Let's say you and me own a racetrack. It's a long, long way away geographically from any racing epicenter. In that racing hotbed interstate after interstate away from us, slots churn, resulting in purses for $30,000 or $50,000 a race for any decent horse. There is probably a stakes race or two there, too, with not fantastic competition for $100,000. The race won't even have eliminations, and it's in their own backyard.
Our track has $1000 purses, but you and I grab some sponsors, and we get a purse for $60,000 for one race a year, with eliminations the week before for $20,000. It's on a half mile track so getting the eight post can wipe out any chance for a horse owner to even make the final. With our track 500-1000 miles away, it's probably a tough sell, but we're trying.
But a funny thing happens. We look at the entries and we see:
Real Nice: Top class pacer in New York, who has made more than $1 million.
Mystician: A horse who may make $2 million, and who won the richest pace for 2YO pacers in the world a couple of years ago.
Piece of the Rock: Third in the $1.5 million North America Cup.
And so on.
It's like we attracted Rachel Alexandra to meet Zenyatta on a bull ring in the Yukon.
The only race in the World that can get those kind of entries is the Gold Cup and Saucer, in Charlottetown Prince Edward Island. It doesn't matter if you are an owner or trainer from the east coast, Ontario, New York, Pennsylvania, or Delaware. It's a race you want to go to.

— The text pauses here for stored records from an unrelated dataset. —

Lemma mut_prob_copy : mut_prob c x x = (1 - p) ^+ n.
Proof.
rewrite /mut_prob (eq_bigr (fun _ => 1 - p)) => [|i _]; last by rewrite eqxx.
by rewrite prodr_const card_ord.
Qed.

Lemma mut_prob_toggle (y : bits n) i : y i = x i ->
  mut_prob c x (toggle y i) * (1 - p) = p * mut_prob c x y.
Proof.
move=> yi; rewrite /mut_prob (bigD1 i) //= [in RHS](bigD1 i) //=.
rewrite toggle_id yi eqxx /= -yi.
have -> : (~~ y i != y i) = true by case: (y i).
under eq_bigr => k /negbTE ki do rewrite toggle_ne ?ki //.
ring.
Qed.

Lemma sum_mut_prob_keep (E : pred (bits n)) i :
  (forall y, E (toggle y i) = E y) ->
  \sum_(y | E y && (y i == x i)) mut_prob c x y
    = (1 - p) * \sum_(y | E y) mut_prob c x y.
Proof.
move=> Ei; rewrite [in RHS](bigID (fun y : bits n => y i == x i)) /=.
set A := \sum_(y | E y && (y i == x i)) _.
set U := \sum_(y | E y && ~~ (y i == x i)) _.
suff UA : (1 - p) * U = p * A by rewrite mulrDr UA; ring.
rewrite /U mulr_sumr (reindex_inj (inv_inj (toggleK i))) /= /A mulr_sumr.
apply: eq_big => y; first by rewrite Ei toggle_id; case: (y i); case: (x i).
move=> /andP[_ yi]; rewrite mulrC mut_prob_toggle //.
by move: yi; rewrite toggle_id; case: (y i); case: (x i).
Qed.

Definition flips_zero (y : bits n) : bool := [exists i, ~~ x i && y i].

Definition flips_only_zeros (y : bits n) : bool :=
  flips_zero y && [forall i, x i ==> y i].

Lemma flips_zero_toggle (y : bits n) i : x i -> flips_zero (toggle y i) = flips_zero y.
Proof.
move=> xi; apply/existsP/existsP => -[k /andP[xk yk]]; exists k; rewrite xk /=;
  by move: yk; rewrite ?ffunE; case: eqP => // ek; move: xk; rewrite ek xi.
Qed.

Lemma flips_zeroPn (y : bits n) : ~~ flips_zero y -> forall i, y i ==> x i.
Proof.
move=> h i; apply/implyP => yi; apply/negPn/negP => xi.
by move: h; rewrite negb_exists => /forallP /(_ i); rewrite xi yi.
Qed.

Lemma sum_mut_prob_keep_all (s : seq 'I_n) : uniq s -> all x s ->
  \sum_(y | flips_zero y && all (fun i => y i == x i) s) mut_prob c x y
    = (1 - p) ^+ size s * \sum_(y | flips_zero y) mut_prob c x y.
Proof.
elim: s => [|i s IH] /=.
  by move=> _ _; rewrite expr0 mul1r; apply: eq_bigl => y; rewrite andbT.
move=> /andP[i_notin_s s_uniq] /andP[xi xs].
rewrite exprS -mulrA -IH //.
rewrite -(sum_mut_prob_keep (E := fun y => flips_zero y && all (fun i => y i == x i) s) (i := i)).
  by apply: eq_bigl => y; rewrite -andbA [_ && (y i == _)]andbC.
move=> y; rewrite flips_zero_toggle //; congr (_ && _).
by apply: eq_in_all => k ks; rewrite toggle_ne //; apply: contraNneq i_notin_s => <-.
Qed.
Lemma pf_pairing_S x m : is_orbit x -> pf_pairing x (S m) = lam * pf_pairing x m.
Proof.
  intros Hx. unfold pf_pairing. rewrite (rsum_ext n (fun c => Rv c * x (S m) c)
    (fun c => rsum n (fun i => x m i * (INR (M i c) * Rv c)))).
  - rewrite rsum_swap, <- rsum_scal. apply rsum_ext; intros i Hi.
    rewrite rsum_scal, (proj2 (proj2 HPF) i Hi). ring.
  - intros c Hc; rewrite Hx, <- rsum_scal by auto. apply rsum_ext; intros; ring.
Qed.

Lemma pf_pairing_pow x m : is_orbit x -> pf_pairing x m = lam ^ m * pf_pairing x 0.
Proof. intros Hx; induction m; simpl; [ring|]. rewrite pf_pairing_S, IHm; auto; ring. Qed.

Lemma orbit_add x m k c : is_orbit x -> (c < n)%nat ->
  x (m + k)%nat c = rsum n (fun i => INR (mat_pow n M k i c) * x m i).
Proof.
  intros Hx; revert c; induction k; intros c Hc.
  - rewrite Nat.add_0_r, rsum_mat_pow_0; auto.
  - replace (m + S k)%nat with (S (m + k)) by lia. rewrite Hx by auto.
    rewrite (rsum_ext n (fun i => INR (M i c) * x (m + k)%nat i)
      (fun l => rsum n (fun i => INR (mat_pow n M k i l) * INR (M l c) * x m i))).
    + rewrite rsum_swap. apply rsum_ext; intros i _. simpl. rewrite INR_nsum, <- rsum_scal_r.
      apply rsum_ext; intros; rewrite mult_INR; ring.
    + intros l Hl. rewrite IHk, <- rsum_scal by auto. apply rsum_ext; intros; ring.
Qed.

Lemma orbit_of_vector (v : nat -> R) :
  is_orbit (fun m c => rsum n (fun i => INR (mat_pow n M m i c) * v i)).
Proof.
  intros m c Hc. simpl.
  rewrite (rsum_ext n (fun i => INR (M i c) * rsum n (fun j => INR (mat_pow n M m j i) * v j))
    (fun l => rsum n (fun i => INR (mat_pow n M m i l) * INR (M l c) * v i))).
  - rewrite rsum_swap. apply rsum_ext; intros i _. rewrite INR_nsum, <- rsum_scal_r.
    apply rsum_ext; intros; rewrite mult_INR; ring.
  - intros l Hl. rewrite <- rsum_scal. apply rsum_ext; intros; ring.
Qed.

Variable x y : nat -> nat -> R.
Hypothesis Hx : is_orbit x.
Hypothesis Hy : is_orbit y.
Hypothesis Hypos : forall m c, (c < n)%nat -> 0 < y m c.

Definition ratio m c := x m c / y m c.
Definition ratio_max m := rmax n (ratio m).
Definition ratio_min m := rmin n (ratio m).
Definition ratio_limit := pf_pairing x 0 / pf_pairing y 0.

Definition ratio_weight m k c i := INR (mat_pow n M k i c) * y m i / y (m + k)%nat c.

Lemma ratio_add m k c : (c < n)%nat ->
  ratio (m + k)%nat c = rsum n (fun i => ratio_weight m k c i * ratio m i).
Proof.
  intros Hc. unfold ratio, ratio_weight. rewrite (orbit_add x m k c Hx Hc).
  assert (0 < y (m + k)%nat c) by auto.
  rewrite (rsum_ext n (fun i => (INR (mat_pow n M k i c) * y m i / y (m + k)%nat c) * (x m i / y m i))
     (fun i => / y (m+k)%nat c * (INR (mat_pow n M k i c) * x m i))).
  - rewrite rsum_scal. unfold Rdiv; ring.
  - intros i Hi. assert (0 < y m i) by auto. field; split; lra.
Qed.

Lemma ratio_weight_sum m k c : (c < n)%nat -> rsum n (ratio_weight m k c) = 1.
Proof.
  intros Hc. assert (0 < y (m + k)%nat c) by auto. unfold ratio_weight.
  rewrite (rsum_ext n _ (fun i => / y (m+k)%nat c * (INR (mat_pow n M k i c) * y m i)))
    by (intros; unfold Rdiv; ring).
  rewrite rsum_scal, <- (orbit_add y m k c Hy Hc). field; lra.
Qed.

Lemma ratio_weight_nonneg m k c i : (c < n)%nat -> (i < n)%nat -> 0 <= ratio_weight m k c i.
Proof.
  intros Hc Hi. assert (0 < y (m + k)%nat c) by auto. assert (0 < y m i) by auto.
  apply Rmult_le_pos; [apply Rmult_le_pos; [apply pos_INR|lra]|left; apply Rinv_0_lt_compat; lra].
Qed.

Lemma ratio_bounds m k c : (c < n)%nat -> ratio_min m <= ratio (m + k)%nat c <= ratio_max m.
Proof.
  intros Hc. rewrite ratio_add by auto. apply convex_comb_bounds.
  - intros; apply ratio_weight_nonneg; auto.
  - apply ratio_weight_sum; auto.
  - intros i Hi; split; [apply rmin_le|apply rmax_ge]; auto.
Qed.

Lemma ratio_max_decr m k : ratio_max (m + k)%nat <= ratio_max m.
Proof.
  destruct (rmax_attained n (ratio (m + k)%nat) Hn) as [c [Hc E]].
  unfold ratio_max at 1; rewrite E. apply ratio_bounds; auto.
Qed.

Lemma ratio_min_incr m k : ratio_min m <= ratio_min (m + k)%nat.
Proof.
  destruct (rmin_attained n (ratio (m + k)%nat) Hn) as [c [Hc E]].
  unfold ratio_min at 2; rewrite E. apply ratio_bounds; auto.
Qed.

Lemma ratio_min_le_max m : ratio_min m <= ratio_max m.
Proof. apply Rle_trans with (ratio m 0%nat); [apply rmin_le|apply rmax_ge]; auto. Qed.
Lemma dual_frames_col_mx (F : numFieldType) k m (a : 'M[F]_k) (c : 'M[F]_(m, k))
    (b : 'M[F]_(k, m)) (d : 'M[F]_m) :
  a \in unitmx -> d \in unitmx -> (col_mx a c)^T *m col_mx b d = 0 ->
  dual_frames (col_mx a c) (col_mx b d).
Proof.
move=> a_unit d_unit orth.
pose M := row_mx (col_mx a c) (col_mx 0 (invmx d)^T).
have M_unit : M \in unitmx.
  rewrite /M -block_mxEh unitmxE det_lblock unitrM -!unitmxE a_unit /=.
  by rewrite unitmx_tr unitmx_inv.
exists M => //; split; first by rewrite /M mul_row_col mulmx1 mulmx0 addr0.
have MS : M^T *m col_mx b d = col_mx 0 1%:M.
  rewrite /M tr_row_mx mul_col_mx orth tr_col_mx trmx0 trmxK mul_row_col.
  by rewrite mul0mx add0r mulVmx.
by rewrite trmx_inv -MS mulKmx // unitmx_tr.
Qed.

Lemma horner_char_poly (R : comNzRingType) n (A : 'M[R]_n) t :
  (char_poly A).[t] = \det (t%:M - A).
Proof.
rewrite /char_poly -horner_evalE -det_map_mx; congr (\det _).
apply/matrixP => i j; rewrite !mxE /= horner_evalE.
by case: (i == j); rewrite /= ?mulr1n ?mulr0n !hornerE.
Qed.

(* Among the [e / (j + 2)] there are more candidates than eigenvalues of [- A]. *)
Lemma exists_unitmx_shift (F : numFieldType) n (A : 'M[F]_n) (e : F) :
  0 < e -> exists2 t, 0 < t < e & A + t%:M \in unitmx.
Proof.
move=> e0; pose p := char_poly (- A).
pose ts := [seq e / j.+2%:R | j <- iota 0 (size p)].
have ts_uniq : uniq ts.
  rewrite map_inj_uniq ?iota_uniq // => i j /(mulfI (lt0r_neq0 e0)) /invr_inj /eqP.
  by rewrite eqr_nat => /eqP [].
have : ~~ all (root p) ts.
  apply/negP => /(max_poly_roots (monic_neq0 (char_poly_monic _))) /(_ ts_uniq).
  by rewrite size_map size_iota ltnn.
case/allPn => _ /mapP [j _ ->]; rewrite /root horner_char_poly opprK addrC => pt.
exists (e / j.+2%:R); last by rewrite unitmxE unitfE.
rewrite divr_gt0 ?ltr0n //= ltr_pdivrMr ?ltr0n //.
by rewrite -{1}(mulr1 e) ltr_pM2l // ltr1n.
Qed.

Lemma open_usubmx_unit (F : numFieldType) k m (U : set 'M[F]_(k + m, k)) T1 :
  open U -> U T1 -> exists2 T0, U T0 & usubmx T0 \in unitmx.
Proof.
move=> oU UT1; pose E : 'M[F]_(k + m, k) := col_mx 1%:M 0.
have : \forall t \near 0, U (T1 + t *: E).
  have line_cont : {for 0, continuous (fun t : F => T1 + t *: E)}.
    by apply: continuousD; [exact: cst_continuous | exact: continuousZr_tmp].
  by apply: line_cont; rewrite scale0r addr0; exact: open_nbhs_nbhs.
case/nbhs_ballP => e /= e0 Ue.
have [t /andP [t0 te] t_unit] := exists_unitmx_shift (usubmx T1) e0.
exists (T1 + t *: E).
  by apply: Ue; rewrite -ball_normE /= sub0r normrN gtr0_norm.
by rewrite -{1}(vsubmxK T1) scale_col_mx add_col_mx col_mxKu scalemx1.
Qed.

(* For [S = col_mx b d] with [d] invertible, this is [det d] times
   [col_mx a (- (b *m invmx d)^T *m a)], the adjugate keeping it polynomial in [S]. *)
Definition dual_partner (R : comNzRingType) k m (a : 'M[R]_k) (S : 'M[R]_(k + m, m)) :
    'M[R]_(k + m, k) :=
  col_mx (\det (dsubmx S) *: a) (- (usubmx S *m \adj (dsubmx S))^T *m a).

Lemma map_dual_partner (R R' : comNzRingType) (f : {rmorphism R -> R'}) k m
    (a : 'M[R]_k) (S : 'M[R]_(k + m, m)) :
  map_mx f (dual_partner a S) = dual_partner (map_mx f a) (map_mx f S).
Proof.
rewrite /dual_partner map_col_mx map_mxZ -(det_map_mx f) map_dsubmx map_mxM map_mxN.
by rewrite -map_trmx map_mxM map_mx_adj map_usubmx map_dsubmx.
Qed.

Lemma dual_frames_dual_partner (F : numFieldType) k m (a : 'M[F]_k) (S : 'M[F]_(k + m, m)) :
  a \in unitmx -> dsubmx S \in unitmx -> dual_frames (dual_partner a S) S.
Proof.
move=> a_unit d_unit; rewrite -[S in dual_frames _ S]vsubmxK.
apply: dual_frames_col_mx => //.
  by rewrite unitmxE detZ unitrM -unitmxE a_unit andbT unitrX // -unitmxE.
rewrite tr_col_mx mul_row_col linearZ /= -scalemxAl trmx_mul linearN /= trmxK.
rewrite mulmxN mulNmx -!mulmxA mul_adj_mx mul_mx_scalar -scalemxAr.
by rewrite addrN.
Qed.

Lemma dual_partner_col_mx (F : numFieldType) k m (a : 'M[F]_k) (c : 'M[F]_(m, k)) :
  a \in unitmx -> dual_partner a (col_mx (- (c *m invmx a)^T) 1%:M) = col_mx a c.
Proof.
move=> a_unit; rewrite /dual_partner col_mxKd col_mxKu det1 scale1r adj1 mulmx1.
by rewrite linearN /= trmxK opprK mulmxKV.
Qed.

Lemma noncompact_locus_eq (F : numFieldType) N n k (G : set 'M[F]_N)
    (s1 s2 : 'M[F]_N -> 'M[F]_n) :
  (forall g, G g -> s1 g = s2 g) ->
  noncompact_locus (k := k) G s1 = noncompact_locus G s2.
Proof.
move=> s12; apply/funext => T; congr (~ compact _).
by rewrite /stab_tensor; apply/seteqP; split=> -[g A] [Gg dA]; rewrite /= (s12 g Gg).
Qed.

Lemma noncompact_dual_locusE (F : numFieldType) N n m (G : set 'M[F]_N)
    (s : 'M[F]_N -> 'M[F]_n) :
  noncompact_dual_locus (m := m) G s = noncompact_locus G (fun g => (invmx (s g))^T).
Proof. by []. Qed.

Section OpenTransfer.
Variable F : numFieldType.
Variable isopen : forall m n, set 'M[F]_(m, n) -> Prop.
Hypothesis isopen_open : forall m n (U : set 'M[F]_(m, n)), isopen U -> open U.
Hypothesis isopen_principal_preimage :
  forall m n p q d (P : 'M[mpoly.mpoly (m * n) F]_(p, q)) U,
  isopen U -> isopen (principal_preimage d P U).

Lemma isopen_dual_frames k m (U : set 'M[F]_(k + m, k)) :
  isopen U -> U !=set0 ->
  exists U' : set 'M[F]_(k + m, m),
    [/\ isopen U', U' !=set0 & forall S, U' S -> exists2 T, U T & dual_frames T S].
Proof.
move=> oU [T1 UT1]; have [T0 UT0 a0_unit] := open_usubmx_unit (isopen_open oU) UT1.
pose X := coordX F (k + m) m.
pose P := dual_partner (map_mx (@mpoly.mpolyC _ F) (usubmx T0)) X.
have PE S : polymap P S = dual_partner (usubmx T0) S.
  rewrite /polymap map_dual_partner.
  by congr dual_partner; [exact: polymapC | exact: polymap_coordX].
have detE S : mxeval (\det (dsubmx X)) S = \det (dsubmx S).
  rewrite /mxeval -det_map_mx map_dsubmx.
  by congr (\det (dsubmx _)); exact: polymap_coordX.
exists (principal_preimage (\det (dsubmx X)) P U); split.
- exact: isopen_principal_preimage.
- exists (col_mx (- (dsubmx T0 *m invmx (usubmx T0))^T) 1%:M).
  rewrite /principal_preimage /= PE detE col_mxKd det1 oner_neq0.
  by rewrite dual_partner_col_mx // vsubmxK.
move=> S [dS US]; rewrite PE in US; rewrite detE in dS.
exists (dual_partner (usubmx T0) S) => //.
by apply: dual_frames_dual_partner; rewrite // unitmxE unitfE.
Qed.

Lemma noncompact_locus_dual_open N n k m (G : set 'M[F]_N) (sig : 'M[F]_N -> 'M[F]_n) :
  (k + m)%N = n -> (forall g, G g -> \det (sig g) = 1) ->
  (forall g, G g -> {for g, continuous sig}) ->
  contains_nonempty_open (@isopen n k) (noncompact_locus G sig) ->
  contains_nonempty_open (@isopen n m) (noncompact_dual_locus G sig).
Proof.
move=> kmn; subst n => sig_det1 sig_cont [U [oU U0 UP]].
have [U' [oU' U'0 U'dual]] := isopen_dual_frames oU U0.
exists U'; split=> // S /U'dual [T /UP T_nc [M M_unit [eT ->]]].
by rewrite eT in T_nc => /(compact_stab_tensor_frame sig_det1 sig_cont M_unit).
Qed.
Lemma AB_parts_monomials :
  esum (iota 0 k) (fun t =>
      scl ((c_ p t * P ^+ (k - t - 1)) *: vpow (t%:Z * g1 p))
          (ABelt p a (b - t%:Z * g1 p))) i j
  + (esum (iota 1 (k.-1)./2) (fun t =>
      scl ((c'_ t * P ^+ (k - 2 * t - 1)) *: vpow (t%:Z * g2 p))
          (ABelt p a (b - t%:Z * g2 p))) i j
  + esum (iota 1 (k - 2)./2) (fun r =>
      esum (iota 1 (k - 1 - 2 * r)) (fun t =>
        scl ((c_rt p r t * P ^+ (k - 2 * r - t - 1)) *: vpow (r%:Z * g2 p + t%:Z * g1 p))
            (ABelt p a (b - r%:Z * g2 p - t%:Z * g1 p)))) i j)
  = \sum_(m <- AB_monomials p k) scl (m.1 *: vpow m.2) (ABelt p a (b - m.2)) i j.
Proof.
rewrite /esum !big_cat !big_map big_flatten big_map; congr (_ + (_ + _)).
apply: eq_bigr => r _; rewrite big_map; apply: eq_bigr => t _.
by rewrite /= opprD addrA.
Qed.

Lemma remainder_term_pgen t : (2 * t <= k)%N ->
  eadd
    (scl (((ck k.+1 t)%:~R * (-1) ^+ (k + t) * u1 p ^+ (k - 2 * t) * P)
            *: vpow ((k%:Z - 2 * t%:Z) * g1 p + t%:Z * g2 p))
         (gen a (b - (k%:Z - 2 * t%:Z) * g1 p - t%:Z * g2 p)))
    (scl (((dk k.+1 t)%:~R * (-1) ^+ (k + t) * u1 p ^ (k%:Z - 2 * t%:Z - 1))
            *: (vpow ((k%:Z - 2 * t%:Z - 1) * g1 p) * vpow ((t%:Z + 1) * g2 p)))
         (gen a (b - (k%:Z - 2 * t%:Z - 1) * g1 p - (t%:Z + 1) * g2 p))) i j
  = pgen a b (remainder_term PP UU XX YY k t) i j.
Proof.
move=> le_2t_k; rewrite /eadd /remainder_term pgenD.
have def_k2t : k%:Z - 2 * t%:Z = (k - 2 * t)%N%:Z by lia.
congr (_ + _).
  rewrite (scl_gen_pgen _ _ (b := b)); last by ring.
  rewrite def_k2t vpowD ?mulr_ge0 // !vpowMn //.
  by rewrite -mul_polyC 3!rmorphM /= !rmorphXn /= rmorphN1 rmorph_int.
rewrite (scl_gen_pgen2 _ _ _ (b := b)); last by ring.
case: (leqP (2 * t).+1 k) => [lt_2t_k | ge_2t_k]; last first.
  by rewrite dk_eq0 1?mulr0z ?mul0r ?scale0r //; lia.
rewrite (_ : k%:Z - 2 * t%:Z - 1 = (k - 2 * t - 1)%N%:Z); last lia.
rewrite (_ : t%:Z + 1 = t.+1%:Z); last lia.
rewrite -exprnP !vpowMn //.
by rewrite -mul_polyC 2!rmorphM /= !rmorphXn /= rmorphN1 rmorph_int.
Qed.

Lemma remainder_pgen : (1 <= k)%N ->
  scl (((-1) ^+ k * u1 p ^+ k * P) *: vpow (k%:Z * g1 p)) (gen a (b - k%:Z * g1 p)) i j
  + (scl (((-1) ^+ k * u1 p ^+ k.-1) *: vpow ((k%:Z - 1) * g1 p + g2 p))
         (gen a (b - (k%:Z - 1) * g1 p - g2 p)) i j
  + esum (iota 1 k./2) (fun t =>
      let tz : int := t%:Z in
      eadd
        (scl (((ck k.+1 t)%:~R * (-1) ^+ (k + t) * u1 p ^+ (k - 2 * t) * P)
                *: vpow ((k%:Z - 2 * tz) * g1 p + tz * g2 p))
             (gen a (b - (k%:Z - 2 * tz) * g1 p - tz * g2 p)))
        (scl (((dk k.+1 t)%:~R * (-1) ^+ (k + t) * u1 p ^ (k%:Z - 2 * tz - 1))
                *: (vpow ((k%:Z - 2 * tz - 1) * g1 p) * vpow ((tz + 1) * g2 p)))
             (gen a (b - (k%:Z - 2 * tz - 1) * g1 p - (tz + 1) * g2 p)))) i j)
  = pgen a b (remainder PP UU XX YY k) i j.
Proof.
move=> k_gt0; rewrite /remainder !pgenD; congr (_ + (_ + _)).
- rewrite (scl_gen_pgen _ _ (b := b)) ?subrK // vpowMn //.
  by rewrite -mul_polyC 2!rmorphM /= !rmorphXn /= rmorphN1.
- rewrite (scl_gen_pgen _ _ (b := b)); last by ring.
  rewrite (_ : k%:Z - 1 = k.-1%:Z); last lia.
  rewrite vpowD ?mulr_ge0 // vpowMn //.
  by rewrite -mul_polyC rmorphM /= !rmorphXn /= rmorphN1.
- rewrite /esum pgen_sum; apply: eq_big_iota => t ht.
  by apply: remainder_term_pgen; lia.
Qed.

End Instance.

Theorem theorem4p2 (p : nat) (hp : prime p) (a b : int) (k : nat) (hk : (2 <= k)%N) :
  let P : rat := p%:R in
  let G1 := g1 p in
  let G2 := g2 p in
  let u := u1 p in
  let kz : int := k%:Z in
  let LHS : elt := scl ((P ^+ k.+1) %:P) (gen a b) in
  let T1 : elt := scl (((-1) ^+ k * u ^+ k * P) *: vpow (kz * G1))
                      (gen a (b - kz * G1)) in
  let T2 : elt := scl (((-1) ^+ k * u ^+ k.-1) *: vpow ((kz - 1) * G1 + G2))
                      (gen a (b - (kz - 1) * G1 - G2)) in
  let S0 : elt := esum (iota 1 k./2) (fun t =>
      let tz : int := t%:Z in
      eadd
        (scl (((ck k.+1 t)%:~R * (-1) ^+ (k + t) * u ^+ (k - 2 * t) * P)
                *: vpow ((kz - 2 * tz) * G1 + tz * G2))
             (gen a (b - (kz - 2 * tz) * G1 - tz * G2)))
        (scl (((dk k.+1 t)%:~R * (-1) ^+ (k + t) * u ^ (kz - 2 * tz - 1))
                *: (vpow ((kz - 2 * tz - 1) * G1) * vpow ((tz + 1) * G2)))
             (gen a (b - (kz - 2 * tz - 1) * G1 - (tz + 1) * G2)))) in
  let S1 : elt := esum (iota 0 k) (fun t =>
      scl ((c_ p t * P ^+ (k - t - 1)) *: vpow (t%:Z * G1))
          (ABelt p a (b - t%:Z * G1))) in
  let S2 : elt := esum (iota 1 (k.-1)./2) (fun t =>
      scl ((c'_ t * P ^+ (k - 2 * t - 1)) *: vpow (t%:Z * G2))
          (ABelt p a (b - t%:Z * G2))) in
  let S3 : elt := esum (iota 1 (k - 2)./2) (fun r =>
      esum (iota 1 (k - 1 - 2 * r)) (fun t =>
        scl ((c_rt p r t * P ^+ (k - 2 * r - t - 1))
               *: vpow (r%:Z * G2 + t%:Z * G1))
            (ABelt p a (b - r%:Z * G2 - t%:Z * G1)))) in
  let RHS : elt := eadd T1 (eadd T2 (eadd S0 (eadd S1 (eadd S2 S3)))) in
  (* equality in F (x)_{ku_*} ku_*(Z_{p^2}): the difference lies in the
     Z_(p)[v]-span of the relations *)
  exists s : seq ({poly rat} * (int * int)),
    (forall x, x \in s -> in_kuZp p x.1) /\
    forall i j : int,
      LHS i j = RHS i j + \sum_(x <- s) x.1 * relation p x.2.1 x.2.2 i j.
Proof.
move=> P G1 G2 u kz LHS T1 T2 S0 S1 S2 S3 RHS.
subst RHS S3 S2 S1 S0 T2 T1 LHS kz u G2 G1 P.
have p_gt0 : (0 < p)%N by rewrite prime_gt0.
exists (rel_witness a b (AB_monomials p k)); split.
  exact: rel_witness_in_kuZp (AB_monomials_int hp).
move=> i j; rewrite /eadd scl_polyC_gen_pgen rel_witness_pgen.
rewrite (_ : forall x y z w : {poly rat}, x + (y + (z + w)) = x + (y + z) + w);
  last by move=> x y z w; rewrite !addrA.
rewrite remainder_pgen ?(ltnW hk) // AB_parts_monomials sum_scl_ABelt_pgen -!pgenD.
congr (pgen a b _ i j).
rewrite poly_of_AB_monomials // rel_poly_split ?prime_gt1 // rmorphXn mulNr.
exact: expr_decomposition.
Qed.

Racing is about dollars and cents, but don't tell that to the owners who are sending their horses to PEI this month. To them, it's about having fun, winning a race in front of thousands of racefans, and enjoying time spent with friends and family for one of the greatest weeks of harness racing around, in a beautiful part of the World. Good on them. Sportsmanship and fun is supposed to be part of this sport, because it always has been a part of this sport. Sometimes we forget that, and the Gold Cup and Saucer is a delicious reminder it still exists.